Instructions for the task: Only one stretch of the data below is needed. Output the lines from the one with "by (field; auto)" up to and including the one with "let d0 := bdigit (f2 - f0) in", exactly as they stand.

Records shown:
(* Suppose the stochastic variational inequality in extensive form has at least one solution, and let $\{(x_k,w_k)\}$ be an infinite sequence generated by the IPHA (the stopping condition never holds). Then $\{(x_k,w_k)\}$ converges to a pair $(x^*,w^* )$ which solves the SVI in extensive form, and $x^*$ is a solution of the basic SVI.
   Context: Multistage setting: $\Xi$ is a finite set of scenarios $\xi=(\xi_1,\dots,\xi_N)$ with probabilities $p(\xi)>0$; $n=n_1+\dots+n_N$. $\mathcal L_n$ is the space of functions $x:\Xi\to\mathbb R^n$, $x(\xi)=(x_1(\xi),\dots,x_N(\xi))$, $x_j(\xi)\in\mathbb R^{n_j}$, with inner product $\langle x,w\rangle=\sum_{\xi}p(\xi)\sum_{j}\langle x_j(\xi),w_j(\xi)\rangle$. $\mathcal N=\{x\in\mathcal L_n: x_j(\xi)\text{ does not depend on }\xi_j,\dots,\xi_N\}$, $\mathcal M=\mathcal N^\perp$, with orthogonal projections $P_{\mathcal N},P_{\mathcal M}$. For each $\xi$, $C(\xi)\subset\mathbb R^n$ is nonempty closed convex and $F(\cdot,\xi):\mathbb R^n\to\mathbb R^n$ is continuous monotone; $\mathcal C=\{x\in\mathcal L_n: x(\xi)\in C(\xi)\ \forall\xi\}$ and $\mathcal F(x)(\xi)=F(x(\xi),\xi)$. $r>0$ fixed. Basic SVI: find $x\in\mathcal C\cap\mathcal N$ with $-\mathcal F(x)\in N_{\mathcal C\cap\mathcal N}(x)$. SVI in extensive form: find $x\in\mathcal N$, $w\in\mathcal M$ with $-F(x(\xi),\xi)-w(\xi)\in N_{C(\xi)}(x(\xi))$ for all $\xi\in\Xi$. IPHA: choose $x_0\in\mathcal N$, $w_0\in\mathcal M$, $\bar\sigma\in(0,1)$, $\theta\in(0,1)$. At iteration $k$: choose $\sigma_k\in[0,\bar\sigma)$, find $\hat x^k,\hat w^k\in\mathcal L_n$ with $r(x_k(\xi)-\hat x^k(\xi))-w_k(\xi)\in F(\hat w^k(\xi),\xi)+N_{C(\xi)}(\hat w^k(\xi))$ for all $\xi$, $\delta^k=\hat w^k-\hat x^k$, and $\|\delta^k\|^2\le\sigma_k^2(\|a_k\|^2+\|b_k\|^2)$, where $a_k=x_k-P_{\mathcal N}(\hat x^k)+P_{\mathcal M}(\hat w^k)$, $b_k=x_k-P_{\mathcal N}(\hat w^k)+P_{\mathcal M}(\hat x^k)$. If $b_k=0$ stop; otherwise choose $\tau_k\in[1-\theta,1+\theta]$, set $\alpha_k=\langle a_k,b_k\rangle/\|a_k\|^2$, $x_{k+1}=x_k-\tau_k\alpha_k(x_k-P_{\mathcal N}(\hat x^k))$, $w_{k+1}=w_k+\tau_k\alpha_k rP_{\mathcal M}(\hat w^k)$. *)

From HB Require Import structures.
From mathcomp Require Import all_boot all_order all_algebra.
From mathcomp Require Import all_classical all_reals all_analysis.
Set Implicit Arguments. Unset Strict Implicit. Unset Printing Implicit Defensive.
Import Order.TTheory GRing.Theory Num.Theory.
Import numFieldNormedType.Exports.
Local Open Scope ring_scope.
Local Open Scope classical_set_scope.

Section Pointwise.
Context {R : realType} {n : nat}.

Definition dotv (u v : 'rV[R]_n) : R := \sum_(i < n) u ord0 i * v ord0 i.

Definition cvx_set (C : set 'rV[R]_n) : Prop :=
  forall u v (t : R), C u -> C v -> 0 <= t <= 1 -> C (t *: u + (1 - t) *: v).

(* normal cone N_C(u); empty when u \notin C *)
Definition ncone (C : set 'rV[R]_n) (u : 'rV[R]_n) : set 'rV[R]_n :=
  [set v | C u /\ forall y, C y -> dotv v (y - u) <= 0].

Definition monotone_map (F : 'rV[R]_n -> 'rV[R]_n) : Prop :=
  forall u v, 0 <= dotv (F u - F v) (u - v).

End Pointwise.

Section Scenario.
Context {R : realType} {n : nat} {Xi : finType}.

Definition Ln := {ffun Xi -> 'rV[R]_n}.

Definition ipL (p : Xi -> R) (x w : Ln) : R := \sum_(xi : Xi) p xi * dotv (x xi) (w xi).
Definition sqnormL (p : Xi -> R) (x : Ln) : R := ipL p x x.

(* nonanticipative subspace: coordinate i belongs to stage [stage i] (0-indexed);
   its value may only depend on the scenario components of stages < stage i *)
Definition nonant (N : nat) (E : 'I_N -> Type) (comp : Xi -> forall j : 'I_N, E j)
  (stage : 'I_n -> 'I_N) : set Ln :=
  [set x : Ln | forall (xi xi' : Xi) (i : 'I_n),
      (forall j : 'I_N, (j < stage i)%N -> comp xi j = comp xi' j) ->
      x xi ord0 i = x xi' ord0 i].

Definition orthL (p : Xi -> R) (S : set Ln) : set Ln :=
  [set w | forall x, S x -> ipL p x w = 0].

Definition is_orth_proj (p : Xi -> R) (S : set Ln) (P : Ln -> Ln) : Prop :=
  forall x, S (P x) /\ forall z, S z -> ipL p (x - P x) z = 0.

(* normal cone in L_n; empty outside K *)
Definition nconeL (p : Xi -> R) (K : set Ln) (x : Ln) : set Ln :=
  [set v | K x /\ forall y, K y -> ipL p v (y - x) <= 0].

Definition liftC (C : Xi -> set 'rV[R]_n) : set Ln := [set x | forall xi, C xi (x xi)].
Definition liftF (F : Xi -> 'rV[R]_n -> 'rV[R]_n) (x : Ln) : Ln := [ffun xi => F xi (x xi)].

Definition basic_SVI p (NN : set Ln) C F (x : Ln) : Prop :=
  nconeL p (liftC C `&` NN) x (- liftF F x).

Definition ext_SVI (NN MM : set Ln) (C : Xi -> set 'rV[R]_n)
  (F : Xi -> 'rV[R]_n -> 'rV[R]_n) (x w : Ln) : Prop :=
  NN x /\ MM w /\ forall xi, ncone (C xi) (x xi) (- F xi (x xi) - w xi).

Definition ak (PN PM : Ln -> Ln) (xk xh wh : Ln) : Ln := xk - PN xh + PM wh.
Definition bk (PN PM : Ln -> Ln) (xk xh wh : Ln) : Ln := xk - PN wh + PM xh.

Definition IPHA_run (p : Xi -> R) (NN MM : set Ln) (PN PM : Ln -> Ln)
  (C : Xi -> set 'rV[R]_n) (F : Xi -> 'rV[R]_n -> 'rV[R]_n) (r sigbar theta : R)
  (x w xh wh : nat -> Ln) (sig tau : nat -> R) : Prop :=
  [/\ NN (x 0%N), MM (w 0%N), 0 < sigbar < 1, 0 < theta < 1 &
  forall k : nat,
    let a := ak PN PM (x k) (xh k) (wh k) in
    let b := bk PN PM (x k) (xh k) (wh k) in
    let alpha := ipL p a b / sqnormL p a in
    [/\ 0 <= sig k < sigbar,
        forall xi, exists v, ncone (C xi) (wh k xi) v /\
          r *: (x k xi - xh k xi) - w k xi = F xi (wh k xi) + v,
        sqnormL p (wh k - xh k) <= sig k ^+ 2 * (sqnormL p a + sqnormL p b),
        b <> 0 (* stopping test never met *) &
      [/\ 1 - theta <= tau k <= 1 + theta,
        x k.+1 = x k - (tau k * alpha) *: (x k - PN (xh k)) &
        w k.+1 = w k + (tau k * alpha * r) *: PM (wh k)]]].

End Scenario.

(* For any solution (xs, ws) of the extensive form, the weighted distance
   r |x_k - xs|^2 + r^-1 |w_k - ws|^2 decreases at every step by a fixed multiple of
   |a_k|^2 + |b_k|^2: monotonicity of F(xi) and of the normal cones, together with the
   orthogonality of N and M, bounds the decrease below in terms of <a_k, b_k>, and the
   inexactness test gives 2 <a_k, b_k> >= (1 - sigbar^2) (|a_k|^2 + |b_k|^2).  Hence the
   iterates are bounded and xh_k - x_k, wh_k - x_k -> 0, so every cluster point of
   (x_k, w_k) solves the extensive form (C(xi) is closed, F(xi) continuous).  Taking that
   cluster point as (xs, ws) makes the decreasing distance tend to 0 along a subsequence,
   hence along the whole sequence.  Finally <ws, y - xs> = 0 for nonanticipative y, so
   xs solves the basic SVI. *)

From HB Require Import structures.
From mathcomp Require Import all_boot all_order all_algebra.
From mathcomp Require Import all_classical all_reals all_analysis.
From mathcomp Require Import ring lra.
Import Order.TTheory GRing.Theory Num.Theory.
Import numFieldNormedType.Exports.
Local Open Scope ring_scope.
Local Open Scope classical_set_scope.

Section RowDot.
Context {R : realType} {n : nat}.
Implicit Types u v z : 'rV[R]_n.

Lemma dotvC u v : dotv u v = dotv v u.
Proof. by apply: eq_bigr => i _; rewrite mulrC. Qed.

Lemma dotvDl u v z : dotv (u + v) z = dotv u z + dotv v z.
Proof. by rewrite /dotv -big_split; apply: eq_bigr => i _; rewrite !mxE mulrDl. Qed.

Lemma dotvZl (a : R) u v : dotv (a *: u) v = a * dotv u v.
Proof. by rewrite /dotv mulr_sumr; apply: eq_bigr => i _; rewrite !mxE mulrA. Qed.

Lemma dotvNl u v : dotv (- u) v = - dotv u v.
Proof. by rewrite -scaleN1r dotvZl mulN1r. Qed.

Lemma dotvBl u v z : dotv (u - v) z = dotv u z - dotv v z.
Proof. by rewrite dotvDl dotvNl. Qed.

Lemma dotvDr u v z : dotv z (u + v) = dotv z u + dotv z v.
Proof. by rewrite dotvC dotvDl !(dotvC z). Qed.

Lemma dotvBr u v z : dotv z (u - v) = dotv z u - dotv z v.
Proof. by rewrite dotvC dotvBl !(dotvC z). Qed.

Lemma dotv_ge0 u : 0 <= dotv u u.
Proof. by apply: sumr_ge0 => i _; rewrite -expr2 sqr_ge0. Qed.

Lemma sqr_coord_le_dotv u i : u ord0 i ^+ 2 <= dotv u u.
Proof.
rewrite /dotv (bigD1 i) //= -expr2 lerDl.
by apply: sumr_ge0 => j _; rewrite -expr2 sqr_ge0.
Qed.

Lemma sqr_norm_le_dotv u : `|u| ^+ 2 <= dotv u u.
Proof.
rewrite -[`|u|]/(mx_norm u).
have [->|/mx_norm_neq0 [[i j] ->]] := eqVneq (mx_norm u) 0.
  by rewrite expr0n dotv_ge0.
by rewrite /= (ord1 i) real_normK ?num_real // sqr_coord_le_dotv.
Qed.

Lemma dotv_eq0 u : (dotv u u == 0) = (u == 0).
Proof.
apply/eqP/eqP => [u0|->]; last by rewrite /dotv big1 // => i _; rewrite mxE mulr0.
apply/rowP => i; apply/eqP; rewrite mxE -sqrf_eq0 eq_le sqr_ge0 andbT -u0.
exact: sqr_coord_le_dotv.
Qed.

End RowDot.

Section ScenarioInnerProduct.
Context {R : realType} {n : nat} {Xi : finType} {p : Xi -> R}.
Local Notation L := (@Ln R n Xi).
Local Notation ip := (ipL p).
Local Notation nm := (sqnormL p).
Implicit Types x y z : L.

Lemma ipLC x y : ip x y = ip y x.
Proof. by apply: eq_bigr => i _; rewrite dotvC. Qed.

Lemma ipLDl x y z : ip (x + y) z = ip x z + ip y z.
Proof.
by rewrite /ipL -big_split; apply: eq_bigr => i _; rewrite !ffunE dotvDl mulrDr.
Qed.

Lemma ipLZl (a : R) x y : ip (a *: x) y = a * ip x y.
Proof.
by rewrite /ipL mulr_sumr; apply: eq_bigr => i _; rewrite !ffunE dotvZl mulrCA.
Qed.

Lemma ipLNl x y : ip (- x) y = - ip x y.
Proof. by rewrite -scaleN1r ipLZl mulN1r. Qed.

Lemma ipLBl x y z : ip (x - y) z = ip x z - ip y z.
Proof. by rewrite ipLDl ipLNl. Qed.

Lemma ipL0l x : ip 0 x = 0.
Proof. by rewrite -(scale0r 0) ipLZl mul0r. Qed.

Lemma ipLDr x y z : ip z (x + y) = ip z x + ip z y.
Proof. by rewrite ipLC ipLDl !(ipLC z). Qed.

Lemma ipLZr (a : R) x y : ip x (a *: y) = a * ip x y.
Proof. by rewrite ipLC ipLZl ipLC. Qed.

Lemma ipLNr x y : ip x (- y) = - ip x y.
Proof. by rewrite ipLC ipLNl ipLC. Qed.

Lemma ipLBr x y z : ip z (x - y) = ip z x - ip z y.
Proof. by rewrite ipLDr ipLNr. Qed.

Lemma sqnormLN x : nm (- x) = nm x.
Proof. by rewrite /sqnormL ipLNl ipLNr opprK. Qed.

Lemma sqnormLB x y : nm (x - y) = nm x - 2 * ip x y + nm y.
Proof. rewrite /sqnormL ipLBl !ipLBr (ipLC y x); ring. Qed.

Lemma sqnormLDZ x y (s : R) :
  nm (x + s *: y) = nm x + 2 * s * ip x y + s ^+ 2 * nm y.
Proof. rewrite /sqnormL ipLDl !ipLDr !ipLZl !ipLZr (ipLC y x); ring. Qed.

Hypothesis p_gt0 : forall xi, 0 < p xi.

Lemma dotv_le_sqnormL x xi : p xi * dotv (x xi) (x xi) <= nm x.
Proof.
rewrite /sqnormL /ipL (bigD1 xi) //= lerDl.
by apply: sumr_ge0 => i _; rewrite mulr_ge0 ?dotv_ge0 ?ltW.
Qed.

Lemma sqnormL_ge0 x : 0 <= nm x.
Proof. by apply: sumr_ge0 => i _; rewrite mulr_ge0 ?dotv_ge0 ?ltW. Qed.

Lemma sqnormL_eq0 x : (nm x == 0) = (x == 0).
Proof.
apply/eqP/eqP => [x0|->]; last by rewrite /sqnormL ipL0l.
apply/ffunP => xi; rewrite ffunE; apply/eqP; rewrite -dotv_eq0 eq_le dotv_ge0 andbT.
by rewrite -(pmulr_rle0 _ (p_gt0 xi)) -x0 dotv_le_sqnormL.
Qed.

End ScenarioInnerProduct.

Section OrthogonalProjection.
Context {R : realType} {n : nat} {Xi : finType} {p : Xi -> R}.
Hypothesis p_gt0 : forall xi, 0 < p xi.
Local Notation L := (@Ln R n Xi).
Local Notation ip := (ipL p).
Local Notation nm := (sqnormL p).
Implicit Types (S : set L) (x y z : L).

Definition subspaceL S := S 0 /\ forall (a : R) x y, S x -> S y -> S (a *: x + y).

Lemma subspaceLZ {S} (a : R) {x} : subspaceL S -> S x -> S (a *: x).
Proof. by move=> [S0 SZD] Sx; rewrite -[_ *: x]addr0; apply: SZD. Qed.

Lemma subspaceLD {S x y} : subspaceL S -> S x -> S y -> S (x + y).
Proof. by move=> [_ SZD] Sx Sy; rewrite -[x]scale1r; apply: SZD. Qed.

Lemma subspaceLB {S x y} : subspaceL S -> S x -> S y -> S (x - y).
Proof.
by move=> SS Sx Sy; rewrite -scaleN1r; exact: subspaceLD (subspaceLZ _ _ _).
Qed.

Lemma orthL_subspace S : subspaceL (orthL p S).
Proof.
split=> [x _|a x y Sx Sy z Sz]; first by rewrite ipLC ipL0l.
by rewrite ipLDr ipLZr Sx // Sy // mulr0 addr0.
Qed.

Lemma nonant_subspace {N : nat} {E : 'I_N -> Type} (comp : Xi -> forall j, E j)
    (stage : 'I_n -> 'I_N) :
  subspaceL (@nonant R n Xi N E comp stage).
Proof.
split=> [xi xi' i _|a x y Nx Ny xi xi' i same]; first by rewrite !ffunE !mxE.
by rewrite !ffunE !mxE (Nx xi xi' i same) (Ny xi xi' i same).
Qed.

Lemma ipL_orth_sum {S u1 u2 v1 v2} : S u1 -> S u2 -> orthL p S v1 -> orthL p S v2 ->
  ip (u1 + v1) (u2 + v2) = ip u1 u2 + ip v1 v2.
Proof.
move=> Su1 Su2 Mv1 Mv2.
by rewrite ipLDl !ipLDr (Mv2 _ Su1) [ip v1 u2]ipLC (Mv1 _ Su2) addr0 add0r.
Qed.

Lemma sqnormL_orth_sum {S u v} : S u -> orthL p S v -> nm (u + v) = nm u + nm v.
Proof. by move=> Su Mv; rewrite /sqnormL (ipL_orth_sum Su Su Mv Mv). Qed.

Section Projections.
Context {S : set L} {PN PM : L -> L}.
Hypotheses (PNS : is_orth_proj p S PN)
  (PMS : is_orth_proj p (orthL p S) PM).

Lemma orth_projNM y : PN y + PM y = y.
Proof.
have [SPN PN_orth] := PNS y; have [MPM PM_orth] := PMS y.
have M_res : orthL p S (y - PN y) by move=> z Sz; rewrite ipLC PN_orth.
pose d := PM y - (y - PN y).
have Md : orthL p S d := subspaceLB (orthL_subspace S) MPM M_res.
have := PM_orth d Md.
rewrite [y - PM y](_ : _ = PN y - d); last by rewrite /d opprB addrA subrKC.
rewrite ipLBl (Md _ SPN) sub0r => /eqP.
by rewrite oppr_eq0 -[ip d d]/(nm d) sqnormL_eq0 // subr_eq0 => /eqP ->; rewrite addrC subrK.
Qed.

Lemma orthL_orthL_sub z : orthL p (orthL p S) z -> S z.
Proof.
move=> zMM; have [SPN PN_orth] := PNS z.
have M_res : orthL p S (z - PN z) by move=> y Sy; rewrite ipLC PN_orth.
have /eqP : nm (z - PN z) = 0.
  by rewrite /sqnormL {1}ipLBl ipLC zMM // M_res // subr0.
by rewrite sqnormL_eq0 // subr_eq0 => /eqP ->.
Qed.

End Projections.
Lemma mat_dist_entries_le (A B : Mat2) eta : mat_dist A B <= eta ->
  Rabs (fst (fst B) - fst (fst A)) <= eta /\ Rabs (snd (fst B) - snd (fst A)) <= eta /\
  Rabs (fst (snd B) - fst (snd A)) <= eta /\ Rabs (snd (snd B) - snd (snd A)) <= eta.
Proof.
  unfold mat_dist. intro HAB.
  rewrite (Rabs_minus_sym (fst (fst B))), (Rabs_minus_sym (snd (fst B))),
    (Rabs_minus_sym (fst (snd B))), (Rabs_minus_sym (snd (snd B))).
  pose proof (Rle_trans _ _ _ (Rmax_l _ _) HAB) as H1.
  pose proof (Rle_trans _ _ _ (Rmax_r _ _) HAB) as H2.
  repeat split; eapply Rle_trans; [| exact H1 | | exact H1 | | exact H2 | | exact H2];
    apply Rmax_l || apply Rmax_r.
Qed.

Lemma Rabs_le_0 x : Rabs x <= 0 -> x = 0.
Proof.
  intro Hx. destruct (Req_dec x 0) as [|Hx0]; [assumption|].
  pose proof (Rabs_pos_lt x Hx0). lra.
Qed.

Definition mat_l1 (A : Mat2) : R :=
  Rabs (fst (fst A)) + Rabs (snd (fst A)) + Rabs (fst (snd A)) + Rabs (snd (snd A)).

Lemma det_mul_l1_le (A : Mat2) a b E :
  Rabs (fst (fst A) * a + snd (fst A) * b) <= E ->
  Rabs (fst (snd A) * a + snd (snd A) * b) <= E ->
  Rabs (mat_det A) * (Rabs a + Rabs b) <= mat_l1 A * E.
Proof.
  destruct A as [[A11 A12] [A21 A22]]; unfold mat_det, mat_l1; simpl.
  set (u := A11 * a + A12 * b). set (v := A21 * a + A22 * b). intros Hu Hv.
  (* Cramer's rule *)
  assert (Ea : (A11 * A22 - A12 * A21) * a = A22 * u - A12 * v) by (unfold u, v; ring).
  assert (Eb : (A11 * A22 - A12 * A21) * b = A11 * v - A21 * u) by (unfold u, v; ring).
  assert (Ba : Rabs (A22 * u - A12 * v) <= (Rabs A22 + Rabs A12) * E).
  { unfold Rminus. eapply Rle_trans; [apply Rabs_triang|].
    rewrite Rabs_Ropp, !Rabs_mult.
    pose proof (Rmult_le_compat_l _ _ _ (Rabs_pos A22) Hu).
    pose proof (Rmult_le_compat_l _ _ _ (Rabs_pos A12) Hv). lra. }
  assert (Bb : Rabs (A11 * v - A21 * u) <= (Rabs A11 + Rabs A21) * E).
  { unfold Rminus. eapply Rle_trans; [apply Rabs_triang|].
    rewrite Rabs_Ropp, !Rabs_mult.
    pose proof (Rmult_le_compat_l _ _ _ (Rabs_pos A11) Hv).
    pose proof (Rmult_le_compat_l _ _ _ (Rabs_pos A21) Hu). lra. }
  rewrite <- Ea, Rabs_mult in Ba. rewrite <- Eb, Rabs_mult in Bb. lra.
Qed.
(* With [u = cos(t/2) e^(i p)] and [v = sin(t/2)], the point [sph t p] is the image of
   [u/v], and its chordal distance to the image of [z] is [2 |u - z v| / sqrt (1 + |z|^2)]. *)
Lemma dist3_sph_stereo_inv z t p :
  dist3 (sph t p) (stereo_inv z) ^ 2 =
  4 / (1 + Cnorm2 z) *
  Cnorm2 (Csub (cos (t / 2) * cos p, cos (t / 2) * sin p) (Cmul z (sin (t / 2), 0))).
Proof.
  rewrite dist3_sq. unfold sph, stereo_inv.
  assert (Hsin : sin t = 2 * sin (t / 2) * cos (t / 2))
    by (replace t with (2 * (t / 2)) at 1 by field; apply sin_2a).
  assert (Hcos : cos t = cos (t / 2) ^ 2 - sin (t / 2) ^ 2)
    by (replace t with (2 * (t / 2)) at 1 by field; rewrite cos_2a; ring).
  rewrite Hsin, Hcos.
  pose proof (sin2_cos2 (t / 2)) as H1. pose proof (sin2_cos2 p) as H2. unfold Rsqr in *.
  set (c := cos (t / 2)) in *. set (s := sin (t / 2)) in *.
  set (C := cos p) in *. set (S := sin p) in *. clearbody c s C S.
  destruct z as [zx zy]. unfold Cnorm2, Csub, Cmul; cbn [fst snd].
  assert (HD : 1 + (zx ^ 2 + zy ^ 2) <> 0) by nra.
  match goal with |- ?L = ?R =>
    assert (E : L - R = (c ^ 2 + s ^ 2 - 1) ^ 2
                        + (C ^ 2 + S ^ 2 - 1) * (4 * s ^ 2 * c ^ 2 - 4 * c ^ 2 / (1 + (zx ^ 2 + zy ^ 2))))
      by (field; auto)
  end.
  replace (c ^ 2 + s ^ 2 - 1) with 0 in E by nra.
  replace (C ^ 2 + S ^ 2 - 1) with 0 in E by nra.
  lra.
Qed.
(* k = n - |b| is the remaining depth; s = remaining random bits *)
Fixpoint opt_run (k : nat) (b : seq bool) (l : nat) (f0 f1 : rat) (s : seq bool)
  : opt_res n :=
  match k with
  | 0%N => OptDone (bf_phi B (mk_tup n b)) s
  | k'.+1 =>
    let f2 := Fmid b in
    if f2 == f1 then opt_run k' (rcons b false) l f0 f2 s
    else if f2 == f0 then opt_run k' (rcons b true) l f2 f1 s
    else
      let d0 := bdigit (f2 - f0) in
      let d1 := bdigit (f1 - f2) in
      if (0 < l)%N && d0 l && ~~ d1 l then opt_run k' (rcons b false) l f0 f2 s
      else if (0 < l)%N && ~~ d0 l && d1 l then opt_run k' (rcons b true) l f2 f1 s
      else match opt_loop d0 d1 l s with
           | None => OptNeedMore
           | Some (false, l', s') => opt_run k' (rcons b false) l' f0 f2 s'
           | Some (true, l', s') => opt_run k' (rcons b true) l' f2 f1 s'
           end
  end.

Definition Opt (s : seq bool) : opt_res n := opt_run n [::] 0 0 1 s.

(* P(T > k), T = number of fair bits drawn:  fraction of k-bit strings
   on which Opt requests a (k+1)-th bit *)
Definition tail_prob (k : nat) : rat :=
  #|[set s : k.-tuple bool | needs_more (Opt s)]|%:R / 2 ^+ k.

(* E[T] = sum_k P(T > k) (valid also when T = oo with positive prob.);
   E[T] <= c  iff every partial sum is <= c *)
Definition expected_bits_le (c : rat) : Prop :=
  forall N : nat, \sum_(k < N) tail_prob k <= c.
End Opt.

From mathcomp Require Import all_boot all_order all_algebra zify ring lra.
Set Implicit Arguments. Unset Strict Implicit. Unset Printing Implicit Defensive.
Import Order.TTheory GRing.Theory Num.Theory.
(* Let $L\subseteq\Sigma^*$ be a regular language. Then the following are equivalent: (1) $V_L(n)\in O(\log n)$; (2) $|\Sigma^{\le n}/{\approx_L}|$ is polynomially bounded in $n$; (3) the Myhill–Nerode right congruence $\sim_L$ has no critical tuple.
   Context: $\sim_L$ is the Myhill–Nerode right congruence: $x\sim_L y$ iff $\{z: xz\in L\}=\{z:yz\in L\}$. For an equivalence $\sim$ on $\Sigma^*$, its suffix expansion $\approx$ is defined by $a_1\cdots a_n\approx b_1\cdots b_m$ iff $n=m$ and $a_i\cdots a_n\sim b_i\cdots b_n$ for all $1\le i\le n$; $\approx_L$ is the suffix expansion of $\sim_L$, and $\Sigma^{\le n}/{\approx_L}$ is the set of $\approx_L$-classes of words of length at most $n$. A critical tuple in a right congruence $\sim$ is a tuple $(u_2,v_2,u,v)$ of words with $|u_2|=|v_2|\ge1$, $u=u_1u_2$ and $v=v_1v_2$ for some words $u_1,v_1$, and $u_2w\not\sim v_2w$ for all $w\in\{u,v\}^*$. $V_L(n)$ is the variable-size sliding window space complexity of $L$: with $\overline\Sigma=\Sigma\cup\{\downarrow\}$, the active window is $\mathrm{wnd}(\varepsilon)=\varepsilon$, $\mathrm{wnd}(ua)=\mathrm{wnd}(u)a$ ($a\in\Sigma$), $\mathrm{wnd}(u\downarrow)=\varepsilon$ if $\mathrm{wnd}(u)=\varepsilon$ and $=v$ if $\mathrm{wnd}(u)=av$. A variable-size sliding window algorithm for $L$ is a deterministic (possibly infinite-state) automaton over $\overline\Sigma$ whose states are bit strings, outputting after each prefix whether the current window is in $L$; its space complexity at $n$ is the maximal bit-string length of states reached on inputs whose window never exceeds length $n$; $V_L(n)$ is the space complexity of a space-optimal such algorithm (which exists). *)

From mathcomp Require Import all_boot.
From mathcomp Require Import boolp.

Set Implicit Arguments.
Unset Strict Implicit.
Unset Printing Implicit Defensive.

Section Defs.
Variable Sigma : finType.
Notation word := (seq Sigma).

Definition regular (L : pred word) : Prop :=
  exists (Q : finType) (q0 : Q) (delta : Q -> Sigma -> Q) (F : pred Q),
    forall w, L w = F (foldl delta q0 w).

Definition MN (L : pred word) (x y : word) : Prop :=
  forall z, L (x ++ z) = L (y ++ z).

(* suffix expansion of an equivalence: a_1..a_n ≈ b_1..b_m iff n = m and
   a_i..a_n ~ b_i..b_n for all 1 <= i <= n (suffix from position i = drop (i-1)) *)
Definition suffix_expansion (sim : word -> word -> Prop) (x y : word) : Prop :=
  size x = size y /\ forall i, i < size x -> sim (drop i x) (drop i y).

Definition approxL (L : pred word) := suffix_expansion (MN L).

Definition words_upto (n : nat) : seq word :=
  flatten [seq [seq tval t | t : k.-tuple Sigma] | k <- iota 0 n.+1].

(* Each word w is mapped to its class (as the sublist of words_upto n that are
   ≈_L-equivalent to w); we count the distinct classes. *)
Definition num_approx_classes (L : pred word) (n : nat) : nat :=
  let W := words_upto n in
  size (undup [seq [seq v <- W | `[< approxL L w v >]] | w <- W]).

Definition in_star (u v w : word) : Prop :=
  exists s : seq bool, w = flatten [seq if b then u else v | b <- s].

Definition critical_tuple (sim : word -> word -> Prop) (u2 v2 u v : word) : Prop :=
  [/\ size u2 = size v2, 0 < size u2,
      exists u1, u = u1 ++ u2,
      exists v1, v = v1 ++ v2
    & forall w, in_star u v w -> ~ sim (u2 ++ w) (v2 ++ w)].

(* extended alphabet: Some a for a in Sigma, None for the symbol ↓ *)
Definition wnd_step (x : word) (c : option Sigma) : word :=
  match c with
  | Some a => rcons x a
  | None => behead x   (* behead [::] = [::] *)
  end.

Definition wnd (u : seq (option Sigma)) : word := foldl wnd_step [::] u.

Solved problem:
      by (field; auto)
  end.
  replace (c ^ 2 + s ^ 2 - 1) with 0 in E by nra.
  replace (C ^ 2 + S ^ 2 - 1) with 0 in E by nra.
  lra.
Qed.
(* k = n - |b| is the remaining depth; s = remaining random bits *)
Fixpoint opt_run (k : nat) (b : seq bool) (l : nat) (f0 f1 : rat) (s : seq bool)
  : opt_res n :=
  match k with
  | 0%N => OptDone (bf_phi B (mk_tup n b)) s
  | k'.+1 =>
    let f2 := Fmid b in
    if f2 == f1 then opt_run k' (rcons b false) l f0 f2 s
    else if f2 == f0 then opt_run k' (rcons b true) l f2 f1 s
    else
      let d0 := bdigit (f2 - f0) in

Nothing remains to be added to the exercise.